"Even if you were strong enough, you oughtn't to go," sobbed Rilla. "What would mother do? She's breaking her heart over Jem. It would kill her to see you both go."
"Oh, I'm not going—don't worry. I tell you I'm afraid to go—afraid. I don't mince the matter to myself. It's a relief to own up even to you, Rilla. I wouldn't confess it to anybody else—Nan and Di would despise me. But I hate the whole thing—the horror, the pain, the ugliness. War isn't a khaki uniform or a drill parade—everything I've read in old histories haunts me. I lie awake at night and see things that have happened—see the blood and filth and misery of it all. And a bayonet charge! If I could face the other things I could never face that.
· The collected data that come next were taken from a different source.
(* elements of the inverse limit: compatible threads *)
Definition thread (R : idomainType) (d : Order.disp_t) (I : porderType d)
  (M : I -> lmodType R) (phi : forall a b : I, M b -> M a) (x : forall a, M a) : Prop :=
  forall a b, (a <= b)%O -> phi a b (x b) = x a.

(* R-homomorphisms K -> lim M: maps into the product of the M a, landing in the
   threads, R-linear in each coordinate *)
Definition hom_frac_to_limit (R : idomainType) (d : Order.disp_t) (I : porderType d)
  (M : I -> lmodType R) (phi : forall a b : I, M b -> M a)
  (f : {fraction R} -> forall a, M a) : Prop :=
  (forall k, thread phi (f k)) /\ (forall a, Rlinear_from_frac (fun k => f k a)).

From HB Require Import structures.
From mathcomp Require Import all_boot all_order all_algebra fraction generic_quotient.
From Stdlib Require Import ClassicalEpsilon Classical.
Import Order.TTheory GRing.Theory Num.Theory.
Set Implicit Arguments. Unset Strict Implicit. Unset Printing Implicit Defensive.
Local Open Scope ring_scope.

(* We show that every m in M_alpha is
   the alpha-component of the image of 1 under a single R-linear map from the
   fraction field K to the inverse limit.

   1. Arithmetic: in a PID every nonzero element is a product of a unit and
      primes (pid_mul_closed).  Hence, with primorial n = p_0 * ... * p_n,
      every nonzero element divides some den n = primorial 0 * ... *
      primorial (n-1) (primorial_den_cofinal): every fraction is r / den n.
   2. Fractions: in any R-module V, a sequence Z with Z_n = u_n Z_(n+1)
      gives an R-linear map K -> V sending r / den n to r Z_n (frac_ext).
   3. Limits: a countable directed poset has a cofinal chain ch; injective
      modules are divisible, so m lifts to elements w_k of M_(ch k) with
      w_k = u_k phi(w_(k+1)) (divided_lift).  These define threads Z_n of the
      inverse limit with Z_n = u_n Z_(n+1) and with alpha-component of Z_0
      equal to m (thread_at).  Step 2, applied in each coordinate, yields the
      required map. *)

Lemma dependent_choice (T : nat -> Type) (step : forall k, T k -> T k.+1 -> Prop) :
  (forall k (x : T k), exists y, step k x y) ->
  forall x0 : T 0, exists x : forall k, T k, x 0 = x0 /\ forall k, step k (x k) (x k.+1).
Proof.
move=> hstep x0.
pose next k (y : T k) := proj1_sig (constructive_indefinite_description _ (hstep k y)).
pose x := fix x k : T k := match k return T k with 0 => x0 | k'.+1 => next k' (x k') end.
exists x; split => // k.
exact: proj2_sig (constructive_indefinite_description _ (hstep k (x k))).
Qed.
It turns me sick to think of it—sicker even to think of giving it than receiving it—to think of thrusting a bayonet through another man." Walter writhed and shuddered. "I think of these things all the time—and it doesn't seem to me that Jem and Jerry ever think of them. They laugh and talk about 'potting Huns'! But it maddens me to see them in the khaki. And they think I'm grumpy because I'm not fit to go."
Walter laughed bitterly. "It is not a nice thing to feel yourself a coward." But Rilla got her arms about him and cuddled her head on his shoulder. She was so glad he didn't want to go—for just one minute she had been horribly frightened. And it was so nice to have Walter confiding his troubles to her—to her, not Di. She didn't feel so lonely and superfluous any longer.
"Don't you despise me, Rilla-my-Rilla?" asked Walter wistfully. Somehow, it hurt him to think Rilla might despise him—hurt him as much as if it had been Di. He realized suddenly how very fond he was of this adoring kid sister with her appealing eyes and troubled, girlish face.
"No, I don't. Why, Walter, hundreds of people feel just as you do. You know what that verse of Shakespeare in the old Fifth Reader says—'the brave man is not he who feels no fear.'"
"No—but it is 'he whose noble soul its fear subdues.' I don't do that. We can't gloss it over, Rilla. I'm a coward."
"You're not. Think of how you fought Dan Reese long ago."
"One spurt of courage isn't enough for a lifetime."
"Walter, one time I heard father say that the trouble with you was a sensitive nature and a vivid imagination. You feel things before they really come—feel them all alone when there isn't anything to help you bear them—to take away from them. It isn't anything to be ashamed of. When you and Jem got your hands burned when the grass was fired on the sand-hills two years ago Jem made twice the fuss over the pain that you did. As for this horrid old war, there'll be plenty to go without you. It won't last long."
"I wish I could believe it. Well, it's supper-time, Rilla. You'd better run. I don't want anything."